A baseball is hit so that it travels straight upward after being struck by the bat. A fan observes that it takes 3.20 s for the ball to reach its maximum height.
To find out how high the baseball travels, we first need to determine its initial velocity when it was hit by the bat. To do this, we can use the fact that the time taken for the ball to reach its maximum height is equal to half of the total time it takes to reach the ground (since the upward and downward flights take the same amount of time).
Let's call the total time taken for the ball to reach its maximum height and return to the ground as T.
We know that the time taken to reach the maximum height is 3.20 s, so we can write:
T = 2 × 3.20 s
T = 6.40 s
Now, we can calculate the time taken for the ball to travel upwards to its maximum height.
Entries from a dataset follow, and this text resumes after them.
(* Let $G=(V,E)$ be a connected, simple, undirected, unweighted graph and $S\subseteq V$ with $|S|\ge2$. For $u\in V$ let $\deg_S(u)$ be the number of neighbors of $u$ in $S$, and define the $V\times V$ matrix $R$ by $R[u,v]=1$ if $u=v$ and $\deg_S(u)=0$; $R[u,v]=1/\deg_S(u)$ if $\{u,v\}\in E$ and $v\in S$; and $R[u,v]=0$ otherwise. Let $\mathbf{Q}$ be the transition matrix of $\textsc{ShortCut}(G,S)$ and $\mathbf{S}$ that of $\textsc{Schur}(G,S)$. Then for all $u\in S$, $(\mathbf{Q}R)[u,u]<1$, and for all $u\neq v$ in $S$, $$\mathbf{S}[u,v]=\frac{(\mathbf{Q}R)[u,v]}{1-(\mathbf{Q}R)[u,u]},$$ where $(\mathbf{Q}R)[u,u]$ equals the probability that a simple random walk on $G$ started at $u$ returns to $u$ before visiting any other vertex of $S$.
   Context: The shortcut graph: for $u\in V$, let $x_0=u,x_1,\dots$ be a simple random walk on $G$ and $j=\min\{i>0:x_i\in S\}$; $\mathbf{Q}[u,v]=\Pr[x_{j-1}=v]$. The Schur complement transition matrix: for $u\ne v\in S$, $\mathbf{S}[u,v]$ is the probability that $v$ is the first vertex of $S\setminus\{u\}$ visited by a simple random walk on $G$ started at $u$, and $\mathbf{S}[u,u]=0$. *)

From HB Require Import structures.
From mathcomp Require Import all_boot all_order all_algebra.
From mathcomp Require Import all_classical all_reals all_analysis.
Set Implicit Arguments. Unset Strict Implicit. Unset Printing Implicit Defensive.
Import Order.TTheory GRing.Theory Num.Theory.
Local Open Scope ring_scope.

(* Infinite sums of nonnegative probability series are written as the limit
   of partial sums: limn (fun n => \sum_(k < n) F k). *)

Section RandomWalk.
Variables (R : realType) (V : finType) (e : rel V).

Definition deg (u : V) : nat := #|[set v | e u v]|.

Definition step (u v : V) : R := if e u v then (deg u)%:R^-1 else 0.

(* probability that the simple random walk started at x follows exactly
   the steps listed in p (i.e. x_1, x_2, ... = p) *)
Fixpoint wprob (x : V) (p : seq V) : R :=
  if p is y :: p' then step x y * wprob y p' else 1.

(* Shortcut graph transition matrix:
   Q[u,v] = Pr[x_{j-1} = v], j = min{i > 0 : x_i \in S}.
   The event {j = k+1, x_{j-1} = v} is the disjoint union over the
   interior points x_1..x_k (all outside S) and the final x_{k+1} \in S. *)
Definition shortcutQ (S : {set V}) (u v : V) : R :=
  limn (fun n => \sum_(k < n) \sum_(p : k.-tuple V) \sum_(w in S)
     (if all (fun x => x \notin S) p && (last u p == v)
      then wprob u (rcons p w) else 0)).

(* probability that the first vertex of A visited at a time i > 0 by the
   walk started at u is v *)
Definition first_hit (A : {set V}) (u v : V) : R :=
  limn (fun n => \sum_(k < n) \sum_(p : k.-tuple V)
     (if all (fun x => x \notin A) p then wprob u (rcons p v) else 0)).

Definition schurS (S : {set V}) (u v : V) : R :=
  if u == v then 0 else first_hit (S :\ u) u v.

Definition return_prob (S : {set V}) (u : V) : R := first_hit S u u.

Definition degS (S : {set V}) (u : V) : nat := #|[set v in S | e u v]|.

Definition Rmat (S : {set V}) (u v : V) : R :=
  if (u == v) && (degS S u == 0)%N then 1
  else if e u v && (v \in S) then (degS S u)%:R^-1 else 0.

Definition QR (S : {set V}) (u v : V) : R :=
  \sum_(w : V) shortcutQ S u w * Rmat S w v.

End RandomWalk.

Definition simple_connected_graph (V : finType) (e : rel V) : Prop :=
  symmetric e /\ irreflexive e /\ (forall x y : V, connect e x y).

(* A walk started at u whose first return to S is at u starts afresh there.  Writing
   F_A(x, v) for the probability that the first visit at a positive time of the walk from
   x to A is at v, this yields the renewal equation
     F_{S\u}(u, v) = F_S(u, v) + F_S(u, u) F_{S\u}(u, v),
   which at the level of finite path lengths is a convolution identity.  For v in S,
   (Q R)[u, v] = F_S(u, v): Q records the last vertex before S, and R replaces the
   aggregated exit probability degS/deg by the single step to v.  Finally F_S(u, u) < 1,
   because the F_S(u, .) sum to at most 1 and connectivity makes some F_S(u, v), v <> u,
   positive; solving the renewal equation gives S[u, v]. *)
From Pilot Require Import Defs.
From HB Require Import structures.
From mathcomp Require Import all_boot all_order all_algebra.
From mathcomp Require Import all_classical all_reals all_analysis.
From mathcomp Require Import zify.
Import numFieldNormedType.Exports.
Import Order.TTheory GRing.Theory Num.Theory.
Local Open Scope ring_scope.
Set Implicit Arguments. Unset Strict Implicit. Unset Printing Implicit Defensive.

Section BigSums.
Variables (R : nmodType) (V : finType).

Lemma big_tuple0 (F : 0.-tuple V -> R) : \sum_(p : 0.-tuple V) F p = F [tuple].
Proof. by rewrite (big_pred1 [tuple]) // => p; apply/eqP; rewrite (tuple0 p). Qed.

Lemma big_tupleS k (F : k.+1.-tuple V -> R) :
  \sum_(p : k.+1.-tuple V) F p = \sum_(x : V) \sum_(p : k.-tuple V) F [tuple of x :: p].
Proof.
rewrite pair_big /= (reindex (fun xp : V * k.-tuple V => [tuple of xp.1 :: xp.2])) //=.
exists (fun t : k.+1.-tuple V => (thead t, [tuple of behead t])).
  by move=> [x p] _ /=; rewrite theadE; congr pair; apply: val_inj.
by move=> t _; rewrite /= -tuple_eta.
Qed.

Lemma sum_triangle (g : nat -> nat -> R) n :
  \sum_(k < n) \sum_(i < k) g i (k.-1 - i)%N = \sum_(i < n) \sum_(j < n.-1 - i) g i j.
Proof.
elim: n => [|n IH]; first by rewrite !big_ord0.
rewrite big_ord_recr /= IH [RHS]big_ord_recr /=.
rewrite [X in _ = _ + X]big1 ?addr0; last by move=> j _; have := ltn_ord j; lia.
rewrite -big_split /=; apply: eq_bigr => i _.
have -> : (n - i = (n.-1 - i).+1)%N by have := ltn_ord i; lia.
by rewrite big_ord_recr.
Qed.

End BigSums.

Section Series.
Variable R : realType.
Implicit Types (f a b c : nat -> R) (n : nat).

Definition psum f n : R := \sum_(k < n) f k.

Section Nonnegative.
Variable f : nat -> R.
Hypothesis f_ge0 : forall k, 0 <= f k.

Lemma psum_ge0 n : 0 <= psum f n.
Proof. exact: sumr_ge0. Qed.

Lemma nondecreasing_psum : nondecreasing_seq (psum f).
Proof.
move=> n m nm; rewrite /psum (big_ord_widen m f nm).
by rewrite [leRHS](bigID (fun i : 'I_m => (i < n)%N)) /= lerDl sumr_ge0.
Qed.

Lemma is_cvg_psum M : (forall n, psum f n <= M) -> cvgn (psum f).
Proof.
move=> fM; apply: nondecreasing_is_cvgn; first exact: nondecreasing_psum.
by exists M => _ [n _ <-]; apply: fM.
Qed.

Lemma psum_le_lim n : cvgn (psum f) -> psum f n <= limn (psum f).
Proof. by move=> cf; apply: nondecreasing_cvgn_le => //; apply: nondecreasing_psum. Qed.

Lemma psum_lim_ge0 : cvgn (psum f) -> 0 <= limn (psum f).
Proof. by move=> cf; apply: le_trans (psum_le_lim 0 cf); exact: psum_ge0. Qed.

End Nonnegative.

Lemma cvgn_sum (I : finType) (P : pred I) (f : I -> nat -> R) (l : I -> R) :
  (forall i, P i -> (f i @ \oo --> l i)%classic) ->
  (\sum_(i | P i) f i n @[n --> \oo] --> \sum_(i | P i) l i)%classic.
Proof. by move=> cf; apply: cvg_big => [|i /cf //]; exact: add_continuous. Qed.

Lemma renewal_lim a b c :
  (forall k, 0 <= a k) -> (forall k, 0 <= b k) -> (forall k, 0 <= c k) ->
  cvgn (psum a) -> cvgn (psum b) -> cvgn (psum c) ->
  (forall n, psum a n = psum b n + \sum_(i < n) c i * psum a (n.-1 - i)) ->
  limn (psum a) = limn (psum b) + limn (psum c) * limn (psum a).
Proof.
move=> a0 b0 c0 ca cb cc renew; apply/eqP; rewrite eq_le; apply/andP; split.
  apply: limr_le => //; apply: nearW => n; rewrite renew.
  apply: lerD; first exact: psum_le_lim.
  apply: (@le_trans _ _ (\sum_(i < n) c i * limn (psum a))).
    by apply: ler_sum => i _; apply: ler_wpM2l => //; exact: psum_le_lim.
  by rewrite -mulr_suml ler_wpM2r ?psum_lim_ge0 ?psum_le_lim.
apply: (@cvgr_to_le _ \oo%classic _ _ (fun n => psum b n + psum c n * psum a n)).
  by apply: cvgD => //; apply: cvgM.
(* The convolution in [psum a (n + n)] contains every product [c i * psum a j], i, j < n. *)
apply: nearW => n; apply: le_trans (psum_le_lim a0 (n + n) ca).
rewrite [psum a (n + n)]renew; apply: lerD.
  by apply: nondecreasing_psum => //; exact: leq_addr.
pose g i := c i * psum a ((n + n).-1 - i)%N.
have g0 i : 0 <= g i by rewrite mulr_ge0 ?psum_ge0.
apply: (@le_trans _ _ (psum g n)); last by apply: nondecreasing_psum => //; exact: leq_addr.
rewrite /psum mulr_suml; apply: ler_sum => i _; rewrite /g.
by apply: ler_wpM2l => //; apply: nondecreasing_psum => //; have := ltn_ord i; lia.
Qed.

End Series.

Section FirstEntrance.
Variables (R : realType) (V : finType) (e : rel V).
Local Notation step := (step R e).

(* [hit_at A k x v]: the walk from x enters A for the first time at time k.+1, at v.
   [exit_at A k x v]: it enters A first at time k.+1, and x_k = v.
   [survive A k x]: it avoids A at times 1..k. *)
Fixpoint hit_at (A : {set V}) (k : nat) (x v : V) : R :=
  if k is k'.+1 then \sum_(y | y \notin A) step x y * hit_at A k' y v
  else step x v.

Fixpoint exit_at (A : {set V}) (k : nat) (x v : V) : R :=
  if k is k'.+1 then \sum_(y | y \notin A) step x y * exit_at A k' y v
  else (x == v)%:R * \sum_(w in A) step x w.

Fixpoint survive (A : {set V}) (k : nat) (x : V) : R :=
  if k is k'.+1 then \sum_(y | y \notin A) step x y * survive A k' y
  else 1.

Variable A : {set V}.

Lemma hit_atE k x v :
  \sum_(p : k.-tuple V) (if all (fun y => y \notin A) p then wprob R e x (rcons p v) else 0)
  = hit_at A k x v.
Proof.
elim: k x => [|k IH] x; first by rewrite big_tuple0 /= mulr1.
rewrite big_tupleS /= [RHS]big_mkcond /=; apply: eq_bigr => y _.
case: ifP => yA /=; last by rewrite big1.
by rewrite -IH mulr_sumr; apply: eq_bigr => p _; case: ifP; rewrite ?mulr0.
Qed.

Lemma exit_atE k x v :
  \sum_(p : k.-tuple V) \sum_(w in A)
     (if all (fun y => y \notin A) p && (last x p == v) then wprob R e x (rcons p w) else 0)
  = exit_at A k x v.
Proof.
elim: k x => [|k IH] x.
  rewrite big_tuple0 /= eq_sym; case: eqP => _; rewrite ?mul1r ?mul0r; last by rewrite big1.
  by apply: eq_bigr => w _; rewrite mulr1.
rewrite big_tupleS /= [RHS]big_mkcond /=; apply: eq_bigr => y _.
case: ifP => yA /=; last by rewrite big1 // => p _; rewrite big1.
rewrite -IH mulr_sumr; apply: eq_bigr => p _; rewrite mulr_sumr.
by apply: eq_bigr => w _; case: ifP; rewrite ?mulr0.
Qed.

Lemma step_ge0 x y : 0 <= step x y.
Proof. by rewrite /step; case: ifP; rewrite ?invr_ge0 ?ler0n. Qed.

Lemma step_gt0 x y : e x y -> 0 < step x y.
Proof.
move=> exy; rewrite /step exy invr_gt0 ltr0n.
by apply/card_gt0P; exists y; rewrite inE.
Qed.

Lemma sum_step_le1 x : \sum_y step x y <= 1.
Proof.
rewrite /step -big_mkcond /= sumr_const.
have -> : #|[pred y | e x y]| = deg e x by apply: eq_card => y; rewrite !inE.
case: (deg e x) => [|d]; first by rewrite mulr0n ler01.
by rewrite -[_ *+ _]mulr_natr mulVf ?pnatr_eq0.
Qed.

Lemma hit_at_ge0 k x v : 0 <= hit_at A k x v.
Proof.
elim: k x => [|k IH] x /=; first exact: step_ge0.
by apply: sumr_ge0 => y _; rewrite mulr_ge0 ?step_ge0.
Qed.

Lemma exit_at_ge0 k x v : 0 <= exit_at A k x v.
Proof.
elim: k x => [|k IH] x /=.
  by rewrite mulr_ge0 ?ler0n //; apply: sumr_ge0 => y _; exact: step_ge0.
by apply: sumr_ge0 => y _; rewrite mulr_ge0 ?step_ge0.
Qed.

Lemma survive_ge0 k x : 0 <= survive A k x.
Proof.
elim: k x => [|k IH] x /=; first exact: ler01.
by apply: sumr_ge0 => y _; rewrite mulr_ge0 ?step_ge0.
Qed.

(* Conservation of mass: at each time the walk has either entered A or not. *)
Lemma hit_survive_le1 n x :
  \sum_(k < n) \sum_(w in A) hit_at A k x w + survive A n x <= 1.
Proof.
elim: n x => [|n IH] x; first by rewrite big_ord0 add0r.
rewrite big_ord_recl /=.
have -> : \sum_(i < n) \sum_(w in A) hit_at A (lift ord0 i) x w =
    \sum_(y | y \notin A) step x y * \sum_(i < n) \sum_(w in A) hit_at A i y w.
  under eq_bigr => i _ do rewrite lift0 /= exchange_big /=.
  rewrite exchange_big /=; apply: eq_bigr => y _.
  by rewrite mulr_sumr; apply: eq_bigr => i _; rewrite mulr_sumr.
rewrite -addrA -big_split /=; apply: le_trans (sum_step_le1 x).
rewrite [leRHS](bigID (fun y => y \in A)) lerD // ler_sum // => y _.
by rewrite -mulrDr ler_piMr ?step_ge0.
Qed.

Lemma sum_psum_hit_at_le1 (B : {set V}) x n : B \subset A ->
  \sum_(w in B) psum (fun k => hit_at A k x w) n <= 1.
Proof.
move=> BA; apply: le_trans (hit_survive_le1 n x); rewrite /psum exchange_big /=.
apply: ler_wpDr; first exact: survive_ge0.
apply: ler_sum => k _; rewrite [leRHS](big_setID B) /= (finset.setIidPr BA).
by rewrite lerDl sumr_ge0 // => w _; exact: hit_at_ge0.
Qed.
Since it takes half of the total time, we have:
t_up = 6.40 s / 2
t_up = 3.20 s
Next, we need to calculate the initial velocity of the ball. To do this, we can use the equation of motion:
h = v_i * t + (1/2) * a * t^2
Since the ball is at its maximum height, the final height (h) is zero. Also, the acceleration (a) due to gravity is -9.8 m/s^2 (assuming no air resistance).
0 = v_i * t_up + (1/2) * (-9.8 m/s^2) * (t_up)^2
Simplifying the equation gives us:
0 = v_i * 3.20 s - 4.9 m/s^2 * (3.20 s)^2
0 = v_i * 3.20 s - 4.9 m/s^2 * 10.24 s^2
0 = v_i * 3.20 - 50.176 m
Now, let's solve for the initial velocity (v_i):
v_i = 50.176 m / 3.20 s
v_i ≈ 15.67 m/s
Therefore, the initial velocity of the baseball when it was hit by the bat is approximately 15.67 m/s.